In the entries that follow, the line with "Definition gle (X" opens the range and the line with "on [d',s0), these" closes it; repeat that range exactly, both lines included.
Supplied entries START
(* Let $X \subset \mathbb{R}^n$ be finite with at least $k+1$ points. Every element $(s,[x])$ of $\Gamma_{k}(X)$ has a unique largest branch point below it, i.e. there is a branch point $(s_{0},[x_{0}]) \leq (s,[x])$ such that every branch point $(t,[y]) \leq (s,[x])$ satisfies $(t,[y]) \leq (s_{0},[x_{0}])$.
   Context: $\mathbb{R}^n$ has Euclidean metric $d$. For $s\ge 0$, $V_s(X)$ is the Vietoris–Rips complex (vertex set $X$, simplices nonempty subsets with pairwise distances $\le s$), and for an integer $k\ge 0$, $L_{s,k}(X)$ is the full subcomplex of $V_s(X)$ on the vertices $x$ having at least $k$ points $x'\ne x$ of $X$ with $d(x,x')\le s$. $\Gamma_{k}(X)$ is the poset whose elements are pairs $(s,[x])$ with $s \in \mathbb{R}_{\geq 0}$ and $[x] \in \pi_{0}L_{s,k}(X)$, with $(s,[x]) \leq (t,[y])$ iff $s \leq t$ and the function $\pi_{0}L_{s,k}(X) \to \pi_{0}L_{t,k}(X)$ induced by inclusion sends $[x]$ to $[y]$. An element $(t,[x])$ of $\Gamma_{k}(X)$ is a branch point if either (1) there is $s_{0} < t$ such that for all $s$ with $s_{0} \leq s < t$ there are two distinct elements $(s,[x_{0}]) \neq (s,[x_{1}])$ with $(s,[x_{0}]) \leq (t,[x])$ and $(s,[x_{1}]) \leq (t,[x])$; or (2) there is no element $(s,[y])$ with $s<t$ and $(s,[y]) \leq (t,[x])$. *)

From Stdlib Require Import Reals List Relations.
Import ListNotations.
Open Scope R_scope.

(* A point of R^n is a list of n reals (the length constraint is imposed
   in the theorem statement). *)
Definition point := list R.

Definition dist (x y : point) : R :=
  sqrt (fold_right Rplus 0 (map (fun p => (fst p - snd p) ^ 2) (combine x y))).

(* Vertices of L_{s,k}(X): points x of X having at least k points x' <> x
   of X with d(x,x') <= s. *)
Definition core (X : list point) (k : nat) (s : R) (x : point) : Prop :=
  In x X /\
  exists L : list point, NoDup L /\ length L = k /\
    forall y, In y L -> In y X /\ y <> x /\ dist x y <= s.

(* Edges of L_{s,k}(X) (1-simplices of the full subcomplex of V_s(X)). *)
Definition edge (X : list point) (k : nat) (s : R) (x y : point) : Prop :=
  core X k s x /\ core X k s y /\ dist x y <= s.

(* x and y are vertices of L_{s,k}(X) in the same path component,
   i.e. [x] = [y] in pi_0 L_{s,k}(X). *)
Definition same_comp (X : list point) (k : nat) (s : R) (x y : point) : Prop :=
  core X k s x /\ core X k s y /\ clos_refl_trans point (edge X k s) x y.

(* (s,[x]) is an element of Gamma_k(X), represented by s and a vertex x. *)
Definition gelem (X : list point) (k : nat) (s : R) (x : point) : Prop :=
  0 <= s /\ core X k s x.

(* The order of Gamma_k(X): (s,[x]) <= (t,[y]) iff s <= t and the map
   pi_0 L_{s,k} -> pi_0 L_{t,k} induced by inclusion sends [x] to [y]. *)
Definition gle (X : list point) (k : nat) (s : R) (x : point) (t : R) (y : point) : Prop :=
  s <= t /\ same_comp X k t x y.

Definition branch_point (X : list point) (k : nat) (t : R) (x : point) : Prop :=
  (exists s0, s0 < t /\
     forall s, s0 <= s < t ->
       exists x0 x1, gelem X k s x0 /\ gelem X k s x1 /\
         ~ same_comp X k s x0 x1 /\
         gle X k s x0 t x /\ gle X k s x1 t x)
  \/
  (~ exists s y, s < t /\ gelem X k s y /\ gle X k s y t x).

From Pilot Require Import Defs.
From Stdlib Require Import Reals List Relations Lra Classical.
Open Scope R_scope.

(* The complex L_{t,k}(X) only changes when t crosses one of the
   finitely many critical values: 0 and the pairwise distances of X.  Fix
   (s,[x]) and call a scale t <= s *unbranched* if the part of L_{t,k}(X)
   mapping into [x] at scale s is nonempty and, at every scale t' in [t,s],
   lies in a single path component.  The largest critical value <= s is
   unbranched, so there is a least unbranched critical value s0; let x0 be
   a vertex of L_{s0,k}(X) mapping into [x].
   - Any branch point (t,[y]) <= (s,[x]) has t <= s0: above an unbranched
     scale nothing can merge and every element has a predecessor, so it is
     <= (s0,[x0]).
   - (s0,[x0]) is a branch point: if it has a predecessor, the largest
     critical value d' < s0 is not unbranched, which produces two distinct
     components at some scale of [d',s0); since the complexes are constant
     on [d',s0), these witness clause (1) of the definition.
   The file first collects the elementary facts about distances, components
   and how they vary with the scale, then finite extrema of critical values,
   and finally the two properties of s0 above. *)

Lemma dist_sym (x y : point) : Defs.dist x y = Defs.dist y x.
Proof.
  unfold Defs.dist; f_equal; revert y.
  induction x as [|a x IH]; intros [|b y]; simpl; auto.
  rewrite IH; f_equal; ring.
Qed.

Lemma dist_nonneg (x y : point) : 0 <= Defs.dist x y.
Proof. apply sqrt_pos. Qed.

Lemma clos_rt_mono {A} (R1 R2 : relation A) :
  inclusion A R1 R2 -> inclusion A (clos_refl_trans A R1) (clos_refl_trans A R2).
Proof.
  intros HR a b H; induction H; [apply rt_step, HR | apply rt_refl | eapply rt_trans]; eauto.
Qed.

Lemma clos_rt_sym {A} (R : relation A) :
  symmetric A R -> symmetric A (clos_refl_trans A R).
Proof.
  intros HR a b H; induction H; [apply rt_step, HR | apply rt_refl | eapply rt_trans]; eauto.
Qed.

Lemma same_comp_refl X k t y : core X k t y -> same_comp X k t y y.
Proof. intros Hy; split; [| split]; auto; apply rt_refl. Qed.

Lemma same_comp_sym X k t y z : same_comp X k t y z -> same_comp X k t z y.
Proof.
  intros [Hy [Hz Hyz]]; split; [| split]; auto.
  revert Hyz; apply clos_rt_sym.
  intros a b [Ha [Hb Hab]]; split; [| split]; auto; rewrite dist_sym; auto.
Qed.

Lemma same_comp_trans X k t y z w :
  same_comp X k t y z -> same_comp X k t z w -> same_comp X k t y w.
Proof. intros [Hy [_ Hyz]] [_ [Hw Hzw]]; split; [| split]; eauto using rt_trans. Qed.

(* [scale_incl X t1 t2]: every pair of points of X at distance <= t1 is at
   distance <= t2, so that L_{t1,k}(X) is a subcomplex of L_{t2,k}(X).  This
   covers both t1 <= t2 and scales not separated by a distance of X. *)
Definition scale_incl (X : list point) (t1 t2 : R) : Prop :=
  forall a b, In a X -> In b X -> Defs.dist a b <= t1 -> Defs.dist a b <= t2.

Lemma scale_incl_of_le X t1 t2 : t1 <= t2 -> scale_incl X t1 t2.
Proof. intros Ht a b _ _ Hab; lra. Qed.

Lemma core_incl X k t1 t2 y : scale_incl X t1 t2 -> core X k t1 y -> core X k t2 y.
Proof.
  intros Ht [Hy [L [Hnd [Hlen HL]]]]; split; auto; exists L; split; [| split]; auto.
  intros z Hz; destruct (HL z Hz) as [? [? ?]]; split; [| split]; auto.
Qed.

Lemma same_comp_incl X k t1 t2 y z :
  scale_incl X t1 t2 -> same_comp X k t1 y z -> same_comp X k t2 y z.
Proof.
  intros Ht [Hy [Hz Hyz]]; split; [| split]; eauto using core_incl.
  revert Hyz; apply clos_rt_mono.
  intros a b [Ha [Hb Hab]]; split; [| split]; eauto using core_incl.
  apply Ht; auto; [destruct Ha | destruct Hb]; auto.
Qed.

Lemma same_comp_mono X k t1 t2 y z :
  t1 <= t2 -> same_comp X k t1 y z -> same_comp X k t2 y z.
Proof. intros Ht; apply same_comp_incl, scale_incl_of_le, Ht. Qed.

Definition crit (X : list point) : list R :=
  0 :: map (fun p => Defs.dist (fst p) (snd p)) (list_prod X X).

Lemma crit_dist X a b : In a X -> In b X -> In (Defs.dist a b) (crit X).
Proof. intros Ha Hb; right; apply in_map_iff; exists (a, b); split; auto; apply in_prod; auto. Qed.

Lemma crit_nonneg X d : In d (crit X) -> 0 <= d.
Proof.
  intros [<- | Hd]; [lra |].
  apply in_map_iff in Hd; destruct Hd as [[a b] [<- _]]; apply dist_nonneg.
Qed.

Lemma scale_incl_gap X t1 t2 c :
  (forall d, In d (crit X) -> d <= t1 -> d <= c) -> c <= t2 -> scale_incl X t1 t2.
Proof. intros Hc Hct a b Ha Hb Hab; specialize (Hc _ (crit_dist X a b Ha Hb) Hab); lra. Qed.

Lemma finite_extremum (le : R -> R -> Prop)
  (le_total : forall a b, le a b \/ le b a)
  (le_trans : forall a b c, le a b -> le b c -> le a c)
  (L : list R) (Q : R -> Prop) :
  (exists d, In d L /\ Q d) ->
  exists m, In m L /\ Q m /\ forall d, In d L -> Q d -> le m d.
Proof.
  assert (le_refl : forall a, le a a) by (intros a; destruct (le_total a a); auto).
  induction L as [|a L IH]; intros [d [Hd Hq]]; [destruct Hd |].
  destruct (classic (exists d, In d L /\ Q d)) as [HL | HL].
  - destruct (IH HL) as [m [Hm [Hqm Hext]]].
    destruct (classic (Q a /\ le a m)) as [[Hqa Ham] | Hno].
    + exists a; split; [left |]; auto; split; auto.
      intros e [<- | He] Hqe; eauto.
    + exists m; split; [right |]; auto; split; auto.
      intros e [<- | He] Hqe; auto.
      destruct (le_total m a); auto; exfalso; auto.
  - destruct Hd as [<- | Hd]; [| exfalso; eauto].
    exists a; split; [left |]; auto; split; auto.
    intros e [<- | He] Hqe; [| exfalso]; eauto.
Qed.

Lemma crit_max X (Q : R -> Prop) :
  (exists d, In d (crit X) /\ Q d) ->
  exists m, In m (crit X) /\ Q m /\ forall d, In d (crit X) -> Q d -> d <= m.
Proof.
  intros H; destruct (finite_extremum Rge ltac:(intros; lra) ltac:(intros; lra) _ Q H)
    as [m [? [? Hm]]].
  exists m; repeat split; auto; intros d ? ?; apply Rge_le; auto.
Qed.

Lemma crit_min X (Q : R -> Prop) :
  (exists d, In d (crit X) /\ Q d) ->
  exists m, In m (crit X) /\ Q m /\ forall d, In d (crit X) -> Q d -> m <= d.
Proof. apply finite_extremum; intros; lra. Qed.

Section Unbranched.

Variables (X : list point) (k : nat) (s : R) (x : point).

Definition fibre (t : R) (y : point) : Prop := core X k t y /\ same_comp X k s y x.

Definition unbranched (t : R) : Prop :=
  0 <= t /\ t <= s /\ (exists y, fibre t y) /\
  forall t', t <= t' <= s -> forall y z, fibre t' y -> fibre t' z -> same_comp X k t' y z.

Hypothesis Hx : gelem X k s x.

(* Above the last critical value below s nothing changes, so that scale is
   unbranched; hence a least unbranched critical value exists. *)
Lemma least_unbranched_crit :
  exists s0, In s0 (crit X) /\ unbranched s0 /\
    forall d, In d (crit X) -> unbranched d -> s0 <= d.
Proof.
  destruct Hx as [Hs Hcx].
  destruct (crit_max X (fun d => d <= s)) as [dm [HdmX [Hdms Hdm]]].
  { exists 0; split; [left |]; auto. }
  assert (Hflat : forall t', dm <= t' <= s -> scale_incl X s t')
    by (intros t' Ht'; apply (scale_incl_gap X s t' dm); auto; lra).
  apply crit_min; exists dm; split; auto.
  split; [apply (crit_nonneg X); auto |]; split; auto; split.
  - exists x; split; [apply (core_incl X k s) | apply same_comp_refl]; auto; apply Hflat; lra.
  - intros t' Ht' y z [_ Hyx] [_ Hzx]; apply (same_comp_incl X k s); [apply Hflat; auto |].
    eapply same_comp_trans; eauto using same_comp_sym.
Qed.

Variables (s0 : R) (x0 : point).
Hypotheses (Hunb : unbranched s0) (Hx0 : fibre s0 x0).

Lemma fibre_below_x0 t y : s0 <= t <= s -> fibre t y -> same_comp X k t y x0.
Proof.
  intros Ht Hy; destruct Hunb as [_ [_ [_ Hconn]]]; apply Hconn; auto.
  destruct Hx0 as [Hc0 ?]; split; auto; apply (core_incl X k s0); auto.
  apply scale_incl_of_le; lra.
Qed.

(* Every branch point below (s,[x]) is below (s0,[x0]): at scales above s0
   the fibre neither splits nor acquires new points. *)
Lemma branch_point_below t y :
  gelem X k t y -> branch_point X k t y -> gle X k t y s x -> gle X k t y s0 x0.
Proof.
  intros [Ht Hcy] Hbr [Hts Hyx].
  assert (Hs0s : s0 <= s) by apply Hunb.
  assert (Hfib : forall r z, core X k r z -> same_comp X k t z y -> fibre r z).
  { intros r z Hz Hzy; split; auto.
    apply same_comp_trans with y; auto; apply (same_comp_mono X k t); auto. }
  destruct (Rle_or_lt t s0) as [Hle | Hlt].
  - split; auto; apply fibre_below_x0; [lra |]; split; auto.
    apply (core_incl X k t); auto; apply scale_incl_of_le; auto.
  - exfalso; destruct Hbr as [[s1 [Hs1 Hsplit]] | Hnopred].
    + (* at a scale r in [s0,t) the fibre would have two components *)
      set (r := Rmax s1 s0).
      assert (Hr : s1 <= r /\ s0 <= r < t)
        by (unfold r; split; [apply Rmax_l | split; [apply Rmax_r | apply Rmax_lub_lt; auto]]).
      destruct (Hsplit r) as [a [b [[_ Ha] [[_ Hb] [Hab [[_ Hay] [_ Hby]]]]]]]; [lra |].
      apply Hab, same_comp_trans with x0; [| apply same_comp_sym];
        apply fibre_below_x0; auto; lra.
    + (* (s0,[x0]) would be a predecessor of (t,[y]) *)
      destruct Hunb as [Hs0 [_ [_ Hconn]]]; destruct Hx0 as [Hc0 Hx0x].
      apply Hnopred; exists s0, x0; split; [| split; [split |]]; auto.
      split; [lra |]; apply Hconn; [lra | | split]; auto.
      split; auto; apply (core_incl X k s0); auto; apply scale_incl_of_le; lra.
Qed.

Lemma split_of_not_unbranched t :
  0 <= t <= s -> (exists y, fibre t y) -> ~ unbranched t ->
  exists t' y z, t <= t' <= s /\ fibre t' y /\ fibre t' z /\ ~ same_comp X k t' y z.
Proof.
  intros Ht Hne Hnot; apply NNPP; intros Hnosplit; apply Hnot.
  split; [lra |]; split; [lra |]; split; auto.
  intros t' Ht' y z Hy Hz; apply NNPP; intros Hyz; apply Hnosplit; eauto 10.
Qed.

Hypothesis Hmin : forall d, In d (crit X) -> unbranched d -> s0 <= d.

(* If s0 is the least unbranched critical value, (s0,[x0]) is a branch point:
   either it has no predecessor, or the fibre is split on a whole interval
   [d',s0) on which the complexes do not change. *)
Lemma least_unbranched_branch_point : branch_point X k s0 x0.
Proof.
  destruct (classic (exists t y, t < s0 /\ gelem X k t y /\ gle X k t y s0 x0))
    as [[t [y [Hts0 [[Ht Hcy] [_ Hyx0]]]]] | Hnopred]; [left | right; auto].
  destruct (crit_max X (fun d => d < s0)) as [d' [Hd'X [Hd's0 Hd']]].
  { exists 0; split; [left |]; auto; lra. }
  assert (Hflat : forall r1 r2, r1 < s0 -> d' <= r2 -> scale_incl X r1 r2).
  { intros r1 r2 Hr1 Hr2; apply (scale_incl_gap X r1 r2 d'); auto.
    intros d Hd Hdr; apply Hd'; auto; lra. }
  assert (Hd'0 : 0 <= d') by (apply (crit_nonneg X); auto).
  assert (Hs0s : s0 <= s) by apply Hunb.
  assert (Hy : fibre d' y).
  { split; [apply (core_incl X k t); auto; apply Hflat; lra |].
    apply same_comp_trans with x0; [apply (same_comp_mono X k s0) | apply Hx0]; auto. }
  destruct (split_of_not_unbranched d') as [t' [y' [z' [Ht' [Hy' [Hz' Hy'z']]]]]];
    [lra | eauto | intros Hunb'; specialize (Hmin d' Hd'X Hunb'); lra |].
  assert (Ht's0 : t' < s0).
  { destruct (Rlt_or_le t' s0) as [? | Hle]; auto; exfalso; apply Hy'z'.
    apply same_comp_trans with x0; [| apply same_comp_sym]; apply fibre_below_x0; auto; lra. }
  assert (Hup : forall z, fibre t' z -> same_comp X k s0 z x0).
  { intros z [Hz Hzx]; apply fibre_below_x0; [lra |]; split; auto.
    apply (core_incl X k t'); auto; apply scale_incl_of_le; lra. }
  exists d'; split; auto; intros r Hr; exists y', z'.
  split; [split; [lra | apply (core_incl X k t'); [apply Hflat |]; [lra | lra | apply Hy']] |].
  split; [split; [lra | apply (core_incl X k t'); [apply Hflat |]; [lra | lra | apply Hz']] |].
  split; [intros Hc; apply Hy'z', (same_comp_incl X k r); auto; apply Hflat; lra |].
  split; split; auto; lra.
Qed.

End Unbranched.

Theorem lemma11 (n k : nat) (X : list point)
  (HXn : forall x, In x X -> length x = n)
  (HXnd : NoDup X)
  (HXk : (k + 1 <= length X)%nat)
  (s : R) (x : point) (Hel : gelem X k s x) :
  exists s0 x0,
    gelem X k s0 x0 /\ branch_point X k s0 x0 /\ gle X k s0 x0 s x /\
    forall t y, gelem X k t y -> branch_point X k t y -> gle X k t y s x ->
      gle X k t y s0 x0.
Proof.
  destruct (least_unbranched_crit X k s x Hel) as [s0 [_ [Hunb Hmin]]].
  pose proof Hunb as [Hs0 [Hs0s [[x0 Hx0] _]]].
  exists s0, x0; split; [split; [auto | apply Hx0] |].
  split; [apply (least_unbranched_branch_point X k s x); auto |].
  split; [split; [auto | apply Hx0] |].
  intros t y; apply (branch_point_below X k s x); auto.
Qed.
Supplied entries END
◆ Task result:
Definition gle (X : list point) (k : nat) (s : R) (x : point) (t : R) (y : point) : Prop :=
  s <= t /\ same_comp X k t x y.

Definition branch_point (X : list point) (k : nat) (t : R) (x : point) : Prop :=
  (exists s0, s0 < t /\
     forall s, s0 <= s < t ->
       exists x0 x1, gelem X k s x0 /\ gelem X k s x1 /\
         ~ same_comp X k s x0 x1 /\
         gle X k s x0 t x /\ gle X k s x1 t x)
  \/
  (~ exists s y, s < t /\ gelem X k s y /\ gle X k s y t x).

From Pilot Require Import Defs.
From Stdlib Require Import Reals List Relations Lra Classical.
Open Scope R_scope.

(* The complex L_{t,k}(X) only changes when t crosses one of the
   finitely many critical values: 0 and the pairwise distances of X.  Fix
   (s,[x]) and call a scale t <= s *unbranched* if the part of L_{t,k}(X)
   mapping into [x] at scale s is nonempty and, at every scale t' in [t,s],
   lies in a single path component.  The largest critical value <= s is
   unbranched, so there is a least unbranched critical value s0; let x0 be
   a vertex of L_{s0,k}(X) mapping into [x].
   - Any branch point (t,[y]) <= (s,[x]) has t <= s0: above an unbranched
     scale nothing can merge and every element has a predecessor, so it is
     <= (s0,[x0]).
   - (s0,[x0]) is a branch point: if it has a predecessor, the largest
     critical value d' < s0 is not unbranched, which produces two distinct
     components at some scale of [d',s0); since the complexes are constant
     on [d',s0), these witness clause (1) of the definition.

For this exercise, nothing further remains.